## Records to process:
- Opening Delimiter -

(* With [Y n = sin (n pi/q) / sin (pi/q)] one has [w_n = (Y_(n+1), Y_n)] and
   [U^q = -1].  Following the orbit of [(1,0)] under [S] and [U] shows that, up
   to sign, every vector of [Lam_q] is some [w_r], a combination
   [al w_m + be w_(m+1)] with [al, be >= 1], or a second-quadrant vector with
   both coordinates of size at least 1.  So the coordinates of lattice vectors
   are 0 or of size at least 1 and the only horizontal ones are [+-(1,0)]; this
   forces the Farey representative: [a] is the length of the short horizontal
   vector and [b] is determined modulo [lam_q a] by translation with [T_q].
   On [T_i], the three-term identity for [Y] makes [k |-> (a,b).w_k] concave
   enough to show that [g_(a,b) w_i] has least positive slope; then
   [h_R g_(a,b) U^i] is upper triangular with corner [(a,b).w_i], and a
   power of [T_q] moves it into the Farey triangle, giving [BCZ_q(a,b)]. *)

From Stdlib Require Import Reals Lra Lia ClassicalEpsilon.
Open Scope R_scope.

(** * Matrices and the Hecke group *)

Definition vneg (v : vec) : vec := (- fst v, - snd v).
Definition minv (M : mat) : mat := Mat (m22 M) (- m12 M) (- m21 M) (m11 M).
Definition Tpow (q : nat) (n : Z) : mat := Mat 1 (IZR n * lam q) 0 1.

Ltac mat_unfold :=
  unfold Umat; unfold mapp, mmul, det, minv, vneg, Imat, Smat, Sinv, Tmat, Tinv, Tpow, hmat, gmat;
  cbn [fst snd m11 m12 m21 m22].

Lemma mat_ext (A B : mat) :
  m11 A = m11 B -> m12 A = m12 B -> m21 A = m21 B -> m22 A = m22 B -> A = B.
Proof. destruct A, B; simpl; intros; subst; reflexivity. Qed.

Lemma mmul_assoc A B C : mmul A (mmul B C) = mmul (mmul A B) C.
Proof. apply mat_ext; mat_unfold; ring. Qed.

Lemma mmul_1l A : mmul Imat A = A.
Proof. destruct A; apply mat_ext; mat_unfold; ring. Qed.

Lemma mmul_1r A : mmul A Imat = A.
Proof. destruct A; apply mat_ext; mat_unfold; ring. Qed.

Lemma mapp_mmul A B v : mapp (mmul A B) v = mapp A (mapp B v).
Proof. mat_unfold; f_equal; ring. Qed.

Lemma mapp_1 v : mapp Imat v = v.
Proof. destruct v; mat_unfold; f_equal; ring. Qed.

Lemma mapp_vneg M v : mapp M (vneg v) = vneg (mapp M v).
Proof. mat_unfold; f_equal; ring. Qed.

Lemma vnegK v : vneg (vneg v) = v.
Proof. destruct v; mat_unfold; f_equal; ring. Qed.

Lemma mapp_SS v : mapp Smat (mapp Smat v) = vneg v.
Proof. mat_unfold; f_equal; ring. Qed.

Lemma det_mmul A B : det (mmul A B) = det A * det B.
Proof. mat_unfold; ring. Qed.

Lemma minv_mmul A B : minv (mmul A B) = mmul (minv B) (minv A).
Proof. apply mat_ext; mat_unfold; ring. Qed.

Lemma mapp_minv M u : det M = 1 -> mapp M (mapp (minv M) u) = u.
Proof.
  intros HM; unfold det in HM; destruct u as [x y]; mat_unfold; f_equal.
  - transitivity ((m11 M * m22 M - m12 M * m21 M) * x); [ring | rewrite HM; ring].
  - transitivity ((m11 M * m22 M - m12 M * m21 M) * y); [ring | rewrite HM; ring].
Qed.

Lemma gmat_of_det1 B : det B = 1 -> m21 B = 0 -> B = gmat (m11 B) (m12 B).
Proof.
  unfold det; intros HB H21; rewrite H21 in HB.
  assert (H11 : m11 B <> 0) by (intro E; rewrite E in HB; lra).
  apply mat_ext; mat_unfold; auto. field_simplify_eq; lra.
Qed.

Lemma gmat_Tpow q c e n : mmul (gmat c e) (Tpow q n) = gmat c (e + IZR n * lam q * c).
Proof. apply mat_ext; mat_unfold; ring. Qed.

Lemma mapp_gmat a b u : mapp (gmat a b) u = (dot (a, b) u, / a * snd u).
Proof. unfold dot; mat_unfold; f_equal; ring. Qed.

Lemma slope_le_cross u v :
  0 < fst u -> 0 < fst v -> snd u * fst v <= snd v * fst u -> slope u <= slope v.
Proof.
  intros Hu Hv H; unfold slope.
  replace (snd u / fst u) with ((snd u * fst v) * / (fst u * fst v)) by (field; lra).
  replace (snd v / fst v) with ((snd v * fst u) * / (fst u * fst v)) by (field; lra).
  apply Rmult_le_compat_r; auto. left; apply Rinv_0_lt_compat; nra.
Qed.

Lemma inG_mmul q M N : inG q M -> inG q N -> inG q (mmul M N).
Proof.
  intros HM HN; induction HM; rewrite ?mmul_1l; auto;
    rewrite <- mmul_assoc; constructor; auto.
Qed.

Lemma inG_det q M : inG q M -> det M = 1.
Proof. induction 1; rewrite ?det_mmul, ?IHinG; mat_unfold; ring. Qed.

Lemma inG_S q : inG q Smat. Proof. rewrite <- (mmul_1r Smat); repeat constructor. Qed.
Lemma inG_Sinv q : inG q Sinv. Proof. rewrite <- (mmul_1r Sinv); repeat constructor. Qed.
Lemma inG_T q : inG q (Tmat q). Proof. rewrite <- (mmul_1r (Tmat q)); repeat constructor. Qed.
Lemma inG_Tinv q : inG q (Tinv q). Proof. rewrite <- (mmul_1r (Tinv q)); repeat constructor. Qed.

Lemma inG_minv q M : inG q M -> inG q (minv M).
Proof.
  induction 1.
  - replace (minv Imat) with Imat by (apply mat_ext; mat_unfold; ring); constructor.
  - rewrite minv_mmul; apply inG_mmul; auto.
    replace (minv Smat) with Sinv by (apply mat_ext; mat_unfold; ring); apply inG_Sinv.
  - rewrite minv_mmul; apply inG_mmul; auto.
    replace (minv Sinv) with Smat by (apply mat_ext; mat_unfold; ring); apply inG_S.
  - rewrite minv_mmul; apply inG_mmul; auto.
    replace (minv (Tmat q)) with (Tinv q) by (apply mat_ext; mat_unfold; ring); apply inG_Tinv.
  - rewrite minv_mmul; apply inG_mmul; auto.
    replace (minv (Tinv q)) with (Tmat q) by (apply mat_ext; mat_unfold; ring); apply inG_T.
Qed.

Lemma inG_Tpow q n : inG q (Tpow q n).
Proof.
  induction n using Z.peano_ind.
  - replace (Tpow q 0) with Imat by (apply mat_ext; mat_unfold; ring); constructor.
  - replace (Tpow q (Z.succ n)) with (mmul (Tmat q) (Tpow q n))
      by (apply mat_ext; mat_unfold; rewrite ?succ_IZR; ring).
    now constructor.
  - replace (Tpow q (Z.pred n)) with (mmul (Tinv q) (Tpow q n))
      by (apply mat_ext; mat_unfold; unfold Z.pred; rewrite ?plus_IZR; ring).
    now constructor.
Qed.

Lemma inG_Upow q n : inG q (mpow (Umat q) n).
Proof.
  induction n; simpl; [constructor |].
  apply inG_mmul; auto; apply inG_mmul; [apply inG_T | apply inG_S].
Qed.

Lemma Lam_mapp q M u : inG q M -> Lam q u -> Lam q (mapp M u).
Proof.
  intros HM [N [HN ->]]; exists (mmul M N); split;
    [apply inG_mmul | rewrite mapp_mmul]; auto.
Qed.

Lemma Lam_e1 q : Lam q (1, 0).
Proof. exists Imat; split; [constructor | now rewrite mapp_1]. Qed.

Lemma Lam_w q n : Lam q (w q n).
Proof. exists (mpow (Umat q) n); split; [apply inG_Upow | reflexivity]. Qed.

Lemma Lam_S q v : Lam q v -> Lam q (mapp Smat v).
Proof. apply Lam_mapp, inG_S. Qed.

Lemma Lam_vneg q v : Lam q v -> Lam q (vneg v).
Proof. intros H; rewrite <- mapp_SS; now apply Lam_S, Lam_S. Qed.

Lemma same_lattice_mmul_r q A M : inG q M -> same_lattice q A (mmul A M).
Proof.
  intros HM v; split.
  - intros [u [Hu ->]]; exists (mapp (minv M) u); split.
    + apply Lam_mapp; auto; apply inG_minv; auto.
    + rewrite mapp_mmul, mapp_minv; auto; apply (inG_det q); auto.
  - intros [u [Hu ->]]; exists (mapp M u); split;
      [apply Lam_mapp | rewrite mapp_mmul]; auto.
Qed.

Lemma same_lattice_sym q A B : same_lattice q A B -> same_lattice q B A.
Proof. intros H v; split; apply H. Qed.

Lemma same_lattice_trans q A B C :
  same_lattice q A B -> same_lattice q B C -> same_lattice q A C.
Proof. intros H1 H2 v; split; intro; [apply H2, H1 | apply H1, H2]; auto. Qed.

Lemma same_lattice_gmat_shift q c e n :
  same_lattice q (gmat c e) (gmat c (e + IZR n * lam q * c)).
Proof. rewrite <- gmat_Tpow; apply same_lattice_mmul_r, inG_Tpow. Qed.

(** * The sequence [Y] *)

Definition th (q : nat) : R := PI / INR q.

Definition Y (q n : nat) : R := sin (INR n * th q) / sin (th q).

Section Chebyshev.
Variable q : nat.
Hypothesis hq : (3 <= q)%nat.

Lemma INR_q_ge3 : 3 <= INR q.
Proof. replace 3 with (INR 3) by (simpl; ring); apply le_INR; auto. Qed.

Lemma th_pos : 0 < th q.
Proof. pose proof INR_q_ge3; pose proof PI_RGT_0; apply Rdiv_lt_0_compat; lra. Qed.

Lemma th_le : th q <= PI / 3.
Proof.
  pose proof INR_q_ge3; pose proof PI_RGT_0; unfold th.
  apply Rmult_le_compat_l; [lra | apply Rinv_le_contravar; lra].
Qed.

Lemma q_th : INR q * th q = PI.
Proof. pose proof INR_q_ge3; unfold th; field; lra. Qed.

Lemma sin_th_pos : 0 < sin (th q).
Proof. pose proof th_pos; pose proof th_le; pose proof PI_RGT_0; apply sin_gt_0; lra. Qed.

Lemma lam_pos : 0 < lam q.
Proof.
  pose proof th_pos; pose proof th_le; pose proof PI_RGT_0.
  assert (0 < cos (th q)) by (apply cos_gt_0; lra); unfold lam; fold (th q); lra.
Qed.

Lemma lam_lt2 : lam q < 2.
Proof.
  pose proof sin_th_pos; pose proof (sin2_cos2 (th q)); pose proof (COS_bound (th q)).
  unfold Rsqr in *; unfold lam; fold (th q); nra.
Qed.

Lemma Y0 : Y q 0 = 0.
Proof. unfold Y; simpl; rewrite Rmult_0_l, sin_0; unfold Rdiv; ring. Qed.

Lemma Y1 : Y q 1 = 1.
Proof. unfold Y; simpl; rewrite Rmult_1_l; field; pose proof sin_th_pos; lra. Qed.

Lemma Y_rec n : Y q (S (S n)) = lam q * Y q (S n) - Y q n.
Proof.
  pose proof sin_th_pos; unfold Y, lam; fold (th q); rewrite !S_INR.
  replace ((INR n + 1 + 1) * th q) with ((INR n + 1) * th q + th q) by ring.
  replace (INR n * th q) with ((INR n + 1) * th q - th q) by ring.
  rewrite sin_plus, sin_minus; field; lra.
Qed.

Lemma Y_q : Y q q = 0.
Proof. unfold Y; rewrite q_th, sin_PI; unfold Rdiv; ring. Qed.

Lemma Y_q1 : Y q (q - 1) = 1.
Proof.
  unfold Y; rewrite minus_INR by lia; simpl INR.
  replace ((INR q - 1) * th q) with (PI - th q) by (rewrite <- q_th; ring).
  rewrite sin_PI_x; field; pose proof sin_th_pos; lra.
Qed.

Lemma Y_q2 : Y q (q - 2) = lam q.
Proof.
  pose proof (Y_rec (q - 2)) as E.
  replace (S (S (q - 2))) with q in E by lia; replace (S (q - 2)) with (q - 1)%nat in E by lia.
  rewrite Y_q, Y_q1 in E; lra.
Qed.

Lemma sin_nth_nonneg n : (n <= q)%nat -> 0 <= sin (INR n * th q).
Proof.
  intros Hn; pose proof th_pos; pose proof (pos_INR n); apply sin_ge_0; [nra |].
  rewrite <- q_th; apply Rmult_le_compat_r; [lra | apply le_INR; auto].
Qed.

Lemma Y_nonneg n : (n <= q)%nat -> 0 <= Y q n.
Proof.
  intros Hn; pose proof sin_th_pos; unfold Y, Rdiv.
  apply Rmult_le_pos; [apply sin_nth_nonneg; auto | left; apply Rinv_0_lt_compat; auto].
Qed.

- Closing Delimiter -

## Exercise description:
Set down, exactly as they appear, the lines above from the first one to the line that holds "(** * Matrices and the Hecke group *)", both included, please, and no others.

## Solution:
(* With [Y n = sin (n pi/q) / sin (pi/q)] one has [w_n = (Y_(n+1), Y_n)] and
   [U^q = -1].  Following the orbit of [(1,0)] under [S] and [U] shows that, up
   to sign, every vector of [Lam_q] is some [w_r], a combination
   [al w_m + be w_(m+1)] with [al, be >= 1], or a second-quadrant vector with
   both coordinates of size at least 1.  So the coordinates of lattice vectors
   are 0 or of size at least 1 and the only horizontal ones are [+-(1,0)]; this
   forces the Farey representative: [a] is the length of the short horizontal
   vector and [b] is determined modulo [lam_q a] by translation with [T_q].
   On [T_i], the three-term identity for [Y] makes [k |-> (a,b).w_k] concave
   enough to show that [g_(a,b) w_i] has least positive slope; then
   [h_R g_(a,b) U^i] is upper triangular with corner [(a,b).w_i], and a
   power of [T_q] moves it into the Farey triangle, giving [BCZ_q(a,b)]. *)

From Stdlib Require Import Reals Lra Lia ClassicalEpsilon.
Open Scope R_scope.

(** * Matrices and the Hecke group *)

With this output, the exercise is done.